Data extracted from a collection:
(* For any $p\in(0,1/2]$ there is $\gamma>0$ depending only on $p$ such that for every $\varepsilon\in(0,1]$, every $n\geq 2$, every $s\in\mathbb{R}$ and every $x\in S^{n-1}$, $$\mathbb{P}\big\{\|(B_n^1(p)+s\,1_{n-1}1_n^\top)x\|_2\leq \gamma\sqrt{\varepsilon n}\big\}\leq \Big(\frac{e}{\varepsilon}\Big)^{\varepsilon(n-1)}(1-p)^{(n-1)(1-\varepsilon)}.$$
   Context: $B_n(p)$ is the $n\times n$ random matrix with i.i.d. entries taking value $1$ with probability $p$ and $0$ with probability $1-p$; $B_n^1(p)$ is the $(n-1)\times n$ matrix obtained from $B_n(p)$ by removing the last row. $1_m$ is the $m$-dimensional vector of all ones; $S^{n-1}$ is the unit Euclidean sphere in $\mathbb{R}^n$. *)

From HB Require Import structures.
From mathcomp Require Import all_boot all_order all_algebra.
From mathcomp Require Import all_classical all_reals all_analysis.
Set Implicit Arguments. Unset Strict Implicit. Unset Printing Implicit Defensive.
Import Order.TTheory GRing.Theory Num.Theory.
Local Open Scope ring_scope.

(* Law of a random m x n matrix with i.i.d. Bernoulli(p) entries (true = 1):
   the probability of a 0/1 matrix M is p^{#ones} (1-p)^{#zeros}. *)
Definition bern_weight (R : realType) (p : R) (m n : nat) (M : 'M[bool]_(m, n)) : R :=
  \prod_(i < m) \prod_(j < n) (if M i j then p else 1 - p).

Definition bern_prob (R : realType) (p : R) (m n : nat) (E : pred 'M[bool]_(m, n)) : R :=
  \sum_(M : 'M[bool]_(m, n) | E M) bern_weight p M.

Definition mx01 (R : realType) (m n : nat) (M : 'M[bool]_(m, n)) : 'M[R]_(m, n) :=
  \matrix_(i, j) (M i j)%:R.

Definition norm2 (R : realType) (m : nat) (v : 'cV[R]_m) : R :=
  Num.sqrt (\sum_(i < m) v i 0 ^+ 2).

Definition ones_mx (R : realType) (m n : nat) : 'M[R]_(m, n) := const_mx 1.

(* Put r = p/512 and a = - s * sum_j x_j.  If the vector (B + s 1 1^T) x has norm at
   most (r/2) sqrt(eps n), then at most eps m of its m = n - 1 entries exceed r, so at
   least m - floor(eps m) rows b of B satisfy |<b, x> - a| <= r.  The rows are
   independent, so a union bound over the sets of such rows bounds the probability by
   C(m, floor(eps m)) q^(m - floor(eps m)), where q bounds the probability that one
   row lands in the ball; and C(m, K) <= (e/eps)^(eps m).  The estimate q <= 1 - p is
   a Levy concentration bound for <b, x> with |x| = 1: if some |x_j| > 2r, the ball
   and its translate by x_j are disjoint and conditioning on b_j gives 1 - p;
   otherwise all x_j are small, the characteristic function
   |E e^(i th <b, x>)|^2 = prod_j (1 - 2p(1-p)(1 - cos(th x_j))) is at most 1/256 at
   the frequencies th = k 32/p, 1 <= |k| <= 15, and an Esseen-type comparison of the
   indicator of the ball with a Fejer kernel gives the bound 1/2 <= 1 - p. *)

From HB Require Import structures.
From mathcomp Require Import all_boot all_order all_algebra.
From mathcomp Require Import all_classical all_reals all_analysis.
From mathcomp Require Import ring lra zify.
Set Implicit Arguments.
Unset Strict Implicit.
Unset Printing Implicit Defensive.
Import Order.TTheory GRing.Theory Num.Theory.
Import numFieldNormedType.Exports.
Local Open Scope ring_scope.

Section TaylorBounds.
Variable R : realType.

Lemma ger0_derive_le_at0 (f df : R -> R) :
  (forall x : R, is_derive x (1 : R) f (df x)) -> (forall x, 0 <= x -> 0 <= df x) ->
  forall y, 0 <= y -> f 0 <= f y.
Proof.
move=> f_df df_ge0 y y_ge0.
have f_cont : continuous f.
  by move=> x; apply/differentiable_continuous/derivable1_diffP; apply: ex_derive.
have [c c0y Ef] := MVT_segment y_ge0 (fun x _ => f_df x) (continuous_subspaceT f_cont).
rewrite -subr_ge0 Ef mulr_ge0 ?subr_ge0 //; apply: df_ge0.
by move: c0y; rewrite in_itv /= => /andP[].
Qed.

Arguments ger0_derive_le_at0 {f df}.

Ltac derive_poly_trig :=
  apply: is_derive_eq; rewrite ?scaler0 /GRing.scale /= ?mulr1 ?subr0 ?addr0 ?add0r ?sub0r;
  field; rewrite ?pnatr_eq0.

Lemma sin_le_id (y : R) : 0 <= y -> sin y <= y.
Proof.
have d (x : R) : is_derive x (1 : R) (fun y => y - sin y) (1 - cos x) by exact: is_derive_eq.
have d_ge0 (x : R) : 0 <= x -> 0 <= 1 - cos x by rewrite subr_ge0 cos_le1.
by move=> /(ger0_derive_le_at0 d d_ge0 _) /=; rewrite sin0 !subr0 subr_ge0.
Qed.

**What is required**
Reproduce the entries so that each line reads exactly as it did before.

**Response**
(* For any $p\in(0,1/2]$ there is $\gamma>0$ depending only on $p$ such that for every $\varepsilon\in(0,1]$, every $n\geq 2$, every $s\in\mathbb{R}$ and every $x\in S^{n-1}$, $$\mathbb{P}\big\{\|(B_n^1(p)+s\,1_{n-1}1_n^\top)x\|_2\leq \gamma\sqrt{\varepsilon n}\big\}\leq \Big(\frac{e}{\varepsilon}\Big)^{\varepsilon(n-1)}(1-p)^{(n-1)(1-\varepsilon)}.$$
   Context: $B_n(p)$ is the $n\times n$ random matrix with i.i.d. entries taking value $1$ with probability $p$ and $0$ with probability $1-p$; $B_n^1(p)$ is the $(n-1)\times n$ matrix obtained from $B_n(p)$ by removing the last row. $1_m$ is the $m$-dimensional vector of all ones; $S^{n-1}$ is the unit Euclidean sphere in $\mathbb{R}^n$. *)

From HB Require Import structures.
From mathcomp Require Import all_boot all_order all_algebra.
From mathcomp Require Import all_classical all_reals all_analysis.
Set Implicit Arguments. Unset Strict Implicit. Unset Printing Implicit Defensive.
Import Order.TTheory GRing.Theory Num.Theory.
Local Open Scope ring_scope.

(* Law of a random m x n matrix with i.i.d. Bernoulli(p) entries (true = 1):
   the probability of a 0/1 matrix M is p^{#ones} (1-p)^{#zeros}. *)
Definition bern_weight (R : realType) (p : R) (m n : nat) (M : 'M[bool]_(m, n)) : R :=
  \prod_(i < m) \prod_(j < n) (if M i j then p else 1 - p).

Definition bern_prob (R : realType) (p : R) (m n : nat) (E : pred 'M[bool]_(m, n)) : R :=
  \sum_(M : 'M[bool]_(m, n) | E M) bern_weight p M.

Definition mx01 (R : realType) (m n : nat) (M : 'M[bool]_(m, n)) : 'M[R]_(m, n) :=
  \matrix_(i, j) (M i j)%:R.

Definition norm2 (R : realType) (m : nat) (v : 'cV[R]_m) : R :=
  Num.sqrt (\sum_(i < m) v i 0 ^+ 2).

Definition ones_mx (R : realType) (m n : nat) : 'M[R]_(m, n) := const_mx 1.

(* Put r = p/512 and a = - s * sum_j x_j.  If the vector (B + s 1 1^T) x has norm at
   most (r/2) sqrt(eps n), then at most eps m of its m = n - 1 entries exceed r, so at
   least m - floor(eps m) rows b of B satisfy |<b, x> - a| <= r.  The rows are
   independent, so a union bound over the sets of such rows bounds the probability by
   C(m, floor(eps m)) q^(m - floor(eps m)), where q bounds the probability that one
   row lands in the ball; and C(m, K) <= (e/eps)^(eps m).  The estimate q <= 1 - p is
   a Levy concentration bound for <b, x> with |x| = 1: if some |x_j| > 2r, the ball
   and its translate by x_j are disjoint and conditioning on b_j gives 1 - p;
   otherwise all x_j are small, the characteristic function
   |E e^(i th <b, x>)|^2 = prod_j (1 - 2p(1-p)(1 - cos(th x_j))) is at most 1/256 at
   the frequencies th = k 32/p, 1 <= |k| <= 15, and an Esseen-type comparison of the
   indicator of the ball with a Fejer kernel gives the bound 1/2 <= 1 - p. *)

From HB Require Import structures.
From mathcomp Require Import all_boot all_order all_algebra.
From mathcomp Require Import all_classical all_reals all_analysis.
From mathcomp Require Import ring lra zify.
Set Implicit Arguments.
Unset Strict Implicit.
Unset Printing Implicit Defensive.
Import Order.TTheory GRing.Theory Num.Theory.
Import numFieldNormedType.Exports.
Local Open Scope ring_scope.

Section TaylorBounds.
Variable R : realType.

Lemma ger0_derive_le_at0 (f df : R -> R) :
  (forall x : R, is_derive x (1 : R) f (df x)) -> (forall x, 0 <= x -> 0 <= df x) ->
  forall y, 0 <= y -> f 0 <= f y.
Proof.
move=> f_df df_ge0 y y_ge0.
have f_cont : continuous f.
  by move=> x; apply/differentiable_continuous/derivable1_diffP; apply: ex_derive.
have [c c0y Ef] := MVT_segment y_ge0 (fun x _ => f_df x) (continuous_subspaceT f_cont).
rewrite -subr_ge0 Ef mulr_ge0 ?subr_ge0 //; apply: df_ge0.
by move: c0y; rewrite in_itv /= => /andP[].
Qed.

Arguments ger0_derive_le_at0 {f df}.

Ltac derive_poly_trig :=
  apply: is_derive_eq; rewrite ?scaler0 /GRing.scale /= ?mulr1 ?subr0 ?addr0 ?add0r ?sub0r;
  field; rewrite ?pnatr_eq0.

Lemma sin_le_id (y : R) : 0 <= y -> sin y <= y.
Proof.
have d (x : R) : is_derive x (1 : R) (fun y => y - sin y) (1 - cos x) by exact: is_derive_eq.
have d_ge0 (x : R) : 0 <= x -> 0 <= 1 - cos x by rewrite subr_ge0 cos_le1.
by move=> /(ger0_derive_le_at0 d d_ge0 _) /=; rewrite sin0 !subr0 subr_ge0.
Qed.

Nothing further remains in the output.